__Your instructions__
The data below is to be repeated in full, exactly as shown.

__Dataset__

(* Let $d$ be an integer and $x>0$ a real number with $0\leqslant d-1\leqslant x/2$. Then $$\sum_{K_{d-1}-d+1<k\leqslant K_{d-1}}\Big(d^2\lfloor x/k\rfloor+\frac{2dx}{\lfloor x/k\rfloor}-x^2F(x/k)\Big)=\frac{8d^2-4d-1}{3}\sqrt{(d-1)x}+O(d^{7/2}x^{-1/2})+O(d^2),$$ where $k$ runs over integers, with absolute implied constants.
   Context: $\lfloor\cdot\rfloor$ denotes the integer part. For an integer $d\geqslant 0$ and real $x>0$, $K_d=K_d(x)=\big\lfloor \big(d+\sqrt{d^2+4dx}\,\big)/2\big\rfloor$. For real $t$, $F(t)=\sum_{n>t-1}\frac{1}{n^2(n+1)^2}$, summed over positive integers $n>t-1$. *)

From Stdlib Require Import Reals ZArith List.
From Coquelicot Require Import Coquelicot.
Open Scope R_scope.

(* integer part: Int_part r = up r - 1 is the floor of r *)
Definition ifloor (r : R) : Z := Int_part r.

Definition Kd (d : Z) (x : R) : Z :=
  ifloor ((IZR d + sqrt (IZR d ^ 2 + 4 * IZR d * x)) / 2).

Definition F (t : R) : R :=
  Series (fun n : nat =>
    if Rlt_dec 0 (INR n) then
      if Rlt_dec (t - 1) (INR n) then / (INR n ^ 2 * (INR n + 1) ^ 2) else 0
    else 0).

(* sum of f k over integers k with a < k <= b (empty if b <= a) *)
Definition zsum (a b : Z) (f : Z -> R) : R :=
  fold_right Rplus 0
    (map (fun j : nat => f (a + 1 + Z.of_nat j)%Z) (seq 0 (Z.to_nat (b - a)))).

Definition summand (d : Z) (x : R) (k : Z) : R :=
  let q := IZR (ifloor (x / IZR k)) in
  IZR d ^ 2 * q + 2 * IZR d * x / q - x ^ 2 * F (x / IZR k).

Definition Ssum (d : Z) (x : R) : R :=
  zsum (Kd (d - 1) x - d + 1)%Z (Kd (d - 1) x) (summand d x).

(** Put [m = d - 1]; [K_{d-1}] is the floor of the root [t] of [t (t - m) = m x].  For [k] in
    the range of summation both [m (x/k)] and [sqrt (m x) = sqrt (t (t - m))] lie in
    [[t - m, t]], so [z = x/k] and its integer part [q] are within distance 2 of
    [q0 = sqrt (x/m)].  Telescoping
    [1/(n^2 (n+1)^2) = 1/(3n^3) - 1/(3(n+1)^3) - 1/(3n^3(n+1)^3)] gives
    [F z = 1/(3q^3) + O(q^-5)], so the summand is [phi q + O(m^2/q0)] with
    [phi q = d^2 q + 2dx/q - x^2/(3q^3)].  As [phi q0 = (8d^2 - 4d - 1) q0 / 3] and
    [phi' q0 = 1], each of the [m] summands is [(8d^2 - 4d - 1) q0 / 3 + O(1 + m^2/q0)],
    and [m * m^2/q0 <= d^(7/2)/sqrt x]. *)
From Stdlib Require Import Reals Lra Lia ZArith List.
From Coquelicot Require Import Coquelicot.
Open Scope R_scope.

Definition tail_from (n0 : nat) (u : nat -> R) (n : nat) : R :=
  if le_dec n0 n then u n else 0.

Lemma sum_n_telescoping_tail (h : nat -> R) (n0 M : nat) :
  sum_n (tail_from n0 (fun n => h n - h (S n))) M
  = tail_from n0 (fun n => h n0 - h (S n)) M.
Proof.
  unfold tail_from; induction M as [|M IH].
  - rewrite sum_O; destruct (le_dec n0 0); [|reflexivity].
    now replace n0 with 0%nat by lia.
  - rewrite sum_Sn, IH; unfold plus; simpl.
    destruct (le_dec n0 M), (le_dec n0 (S M)); try lia; try lra.
    replace n0 with (S M) by lia; lra.
Qed.

Lemma is_series_telescoping_tail (h : nat -> R) (n0 : nat) :
  is_lim_seq h 0 -> is_series (tail_from n0 (fun n => h n - h (S n))) (h n0).
Proof.
  intros Hh.
  change (is_lim_seq (sum_n (tail_from n0 (fun n => h n - h (S n)))) (h n0)).
  apply (is_lim_seq_ext_loc (fun M => h n0 - h (S M))).
  - exists n0; intros M HM.
    rewrite sum_n_telescoping_tail; unfold tail_from.
    now destruct (le_dec n0 M); [|lia].
  - replace (Finite (h n0)) with (Rbar_minus (h n0) 0) by (simpl; f_equal; ring).
    apply is_lim_seq_minus'; [apply is_lim_seq_const|].
    now apply (is_lim_seq_incr_1 h 0).
Qed.

Lemma is_lim_seq_inv_INR_pow (p : nat) :
  (1 <= p)%nat -> is_lim_seq (fun n => / INR n ^ p) 0.
Proof.
  intros Hp.
  assert (Hpow : forall k, is_lim_seq (fun n => (/ INR n) ^ k) (0 ^ k)).
  { induction k as [|k IH]; [apply is_lim_seq_const|].
    apply (is_lim_seq_mult' (fun n => / INR n) (fun n => (/ INR n) ^ k)); [|exact IH].
    apply (is_lim_seq_inv _ p_infty); [apply is_lim_seq_INR|discriminate]. }
  rewrite <- (pow_i p) by lia.
  apply (is_lim_seq_ext _ _ _ (fun n => pow_inv (INR n) p)), Hpow.
Qed.

Lemma Series_nonneg (a : nat -> R) :
  (forall n, 0 <= a n) -> ex_series a -> 0 <= Series a.
Proof.
  intros Ha Hex.
  replace 0 with (Series (fun n => 0 * a n)) by (rewrite Series_scal_l; ring).
  apply Series_le; [|exact Hex].
  intros n; specialize (Ha n); lra.
Qed.

Lemma inv_sq_consecutive_telescoping (a : R) : 0 < a ->
  / (a ^ 2 * (a + 1) ^ 2)
  = / (3 * a ^ 3) - / (3 * (a + 1) ^ 3) - / (3 * a ^ 3 * (a + 1) ^ 3).
Proof. intros Ha; field; lra. Qed.

Lemma inv_cube_consecutive_le (a : R) : 1 <= a ->
  / (3 * a ^ 3 * (a + 1) ^ 3) <= / a ^ 5 - / (a + 1) ^ 5.
Proof.
  intros Ha.
  apply Rminus_le_0.
  replace (/ a ^ 5 - / (a + 1) ^ 5 - / (3 * a ^ 3 * (a + 1) ^ 3))
    with ((14 * a ^ 4 + 28 * a ^ 3 + 29 * a ^ 2 + 15 * a + 3)
          * / (3 * a ^ 5 * (a + 1) ^ 5)) by (field; lra).
  apply Rmult_le_pos.
  - assert (0 <= a ^ 2) by nra; assert (0 <= a ^ 3) by nra; assert (0 <= a ^ 4) by nra.
    lra.
  - left; apply Rinv_0_lt_compat.
    repeat apply Rmult_lt_0_compat; try apply pow_lt; lra.
Qed.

__Written reply__
(* Let $d$ be an integer and $x>0$ a real number with $0\leqslant d-1\leqslant x/2$. Then $$\sum_{K_{d-1}-d+1<k\leqslant K_{d-1}}\Big(d^2\lfloor x/k\rfloor+\frac{2dx}{\lfloor x/k\rfloor}-x^2F(x/k)\Big)=\frac{8d^2-4d-1}{3}\sqrt{(d-1)x}+O(d^{7/2}x^{-1/2})+O(d^2),$$ where $k$ runs over integers, with absolute implied constants.
   Context: $\lfloor\cdot\rfloor$ denotes the integer part. For an integer $d\geqslant 0$ and real $x>0$, $K_d=K_d(x)=\big\lfloor \big(d+\sqrt{d^2+4dx}\,\big)/2\big\rfloor$. For real $t$, $F(t)=\sum_{n>t-1}\frac{1}{n^2(n+1)^2}$, summed over positive integers $n>t-1$. *)

From Stdlib Require Import Reals ZArith List.
From Coquelicot Require Import Coquelicot.
Open Scope R_scope.

(* integer part: Int_part r = up r - 1 is the floor of r *)
Definition ifloor (r : R) : Z := Int_part r.

Definition Kd (d : Z) (x : R) : Z :=
  ifloor ((IZR d + sqrt (IZR d ^ 2 + 4 * IZR d * x)) / 2).

Definition F (t : R) : R :=
  Series (fun n : nat =>
    if Rlt_dec 0 (INR n) then
      if Rlt_dec (t - 1) (INR n) then / (INR n ^ 2 * (INR n + 1) ^ 2) else 0
    else 0).

(* sum of f k over integers k with a < k <= b (empty if b <= a) *)
Definition zsum (a b : Z) (f : Z -> R) : R :=
  fold_right Rplus 0
    (map (fun j : nat => f (a + 1 + Z.of_nat j)%Z) (seq 0 (Z.to_nat (b - a)))).

Definition summand (d : Z) (x : R) (k : Z) : R :=
  let q := IZR (ifloor (x / IZR k)) in
  IZR d ^ 2 * q + 2 * IZR d * x / q - x ^ 2 * F (x / IZR k).

Definition Ssum (d : Z) (x : R) : R :=
  zsum (Kd (d - 1) x - d + 1)%Z (Kd (d - 1) x) (summand d x).

(** Put [m = d - 1]; [K_{d-1}] is the floor of the root [t] of [t (t - m) = m x].  For [k] in
    the range of summation both [m (x/k)] and [sqrt (m x) = sqrt (t (t - m))] lie in
    [[t - m, t]], so [z = x/k] and its integer part [q] are within distance 2 of
    [q0 = sqrt (x/m)].  Telescoping
    [1/(n^2 (n+1)^2) = 1/(3n^3) - 1/(3(n+1)^3) - 1/(3n^3(n+1)^3)] gives
    [F z = 1/(3q^3) + O(q^-5)], so the summand is [phi q + O(m^2/q0)] with
    [phi q = d^2 q + 2dx/q - x^2/(3q^3)].  As [phi q0 = (8d^2 - 4d - 1) q0 / 3] and
    [phi' q0 = 1], each of the [m] summands is [(8d^2 - 4d - 1) q0 / 3 + O(1 + m^2/q0)],
    and [m * m^2/q0 <= d^(7/2)/sqrt x]. *)
From Stdlib Require Import Reals Lra Lia ZArith List.
From Coquelicot Require Import Coquelicot.
Open Scope R_scope.

Definition tail_from (n0 : nat) (u : nat -> R) (n : nat) : R :=
  if le_dec n0 n then u n else 0.

Lemma sum_n_telescoping_tail (h : nat -> R) (n0 M : nat) :
  sum_n (tail_from n0 (fun n => h n - h (S n))) M
  = tail_from n0 (fun n => h n0 - h (S n)) M.
Proof.
  unfold tail_from; induction M as [|M IH].
  - rewrite sum_O; destruct (le_dec n0 0); [|reflexivity].
    now replace n0 with 0%nat by lia.
  - rewrite sum_Sn, IH; unfold plus; simpl.
    destruct (le_dec n0 M), (le_dec n0 (S M)); try lia; try lra.
    replace n0 with (S M) by lia; lra.
Qed.

Lemma is_series_telescoping_tail (h : nat -> R) (n0 : nat) :
  is_lim_seq h 0 -> is_series (tail_from n0 (fun n => h n - h (S n))) (h n0).
Proof.
  intros Hh.
  change (is_lim_seq (sum_n (tail_from n0 (fun n => h n - h (S n)))) (h n0)).
  apply (is_lim_seq_ext_loc (fun M => h n0 - h (S M))).
  - exists n0; intros M HM.
    rewrite sum_n_telescoping_tail; unfold tail_from.
    now destruct (le_dec n0 M); [|lia].
  - replace (Finite (h n0)) with (Rbar_minus (h n0) 0) by (simpl; f_equal; ring).
    apply is_lim_seq_minus'; [apply is_lim_seq_const|].
    now apply (is_lim_seq_incr_1 h 0).
Qed.

Lemma is_lim_seq_inv_INR_pow (p : nat) :
  (1 <= p)%nat -> is_lim_seq (fun n => / INR n ^ p) 0.
Proof.
  intros Hp.
  assert (Hpow : forall k, is_lim_seq (fun n => (/ INR n) ^ k) (0 ^ k)).
  { induction k as [|k IH]; [apply is_lim_seq_const|].
    apply (is_lim_seq_mult' (fun n => / INR n) (fun n => (/ INR n) ^ k)); [|exact IH].
    apply (is_lim_seq_inv _ p_infty); [apply is_lim_seq_INR|discriminate]. }
  rewrite <- (pow_i p) by lia.
  apply (is_lim_seq_ext _ _ _ (fun n => pow_inv (INR n) p)), Hpow.
Qed.

Lemma Series_nonneg (a : nat -> R) :
  (forall n, 0 <= a n) -> ex_series a -> 0 <= Series a.
Proof.
  intros Ha Hex.
  replace 0 with (Series (fun n => 0 * a n)) by (rewrite Series_scal_l; ring).
  apply Series_le; [|exact Hex].
  intros n; specialize (Ha n); lra.
Qed.

Lemma inv_sq_consecutive_telescoping (a : R) : 0 < a ->
  / (a ^ 2 * (a + 1) ^ 2)
  = / (3 * a ^ 3) - / (3 * (a + 1) ^ 3) - / (3 * a ^ 3 * (a + 1) ^ 3).
Proof. intros Ha; field; lra. Qed.

Lemma inv_cube_consecutive_le (a : R) : 1 <= a ->
  / (3 * a ^ 3 * (a + 1) ^ 3) <= / a ^ 5 - / (a + 1) ^ 5.
Proof.
  intros Ha.
  apply Rminus_le_0.
  replace (/ a ^ 5 - / (a + 1) ^ 5 - / (3 * a ^ 3 * (a + 1) ^ 3))
    with ((14 * a ^ 4 + 28 * a ^ 3 + 29 * a ^ 2 + 15 * a + 3)
          * / (3 * a ^ 5 * (a + 1) ^ 5)) by (field; lra).
  apply Rmult_le_pos.
  - assert (0 <= a ^ 2) by nra; assert (0 <= a ^ 3) by nra; assert (0 <= a ^ 4) by nra.
    lra.
  - left; apply Rinv_0_lt_compat.
    repeat apply Rmult_lt_0_compat; try apply pow_lt; lra.
Qed.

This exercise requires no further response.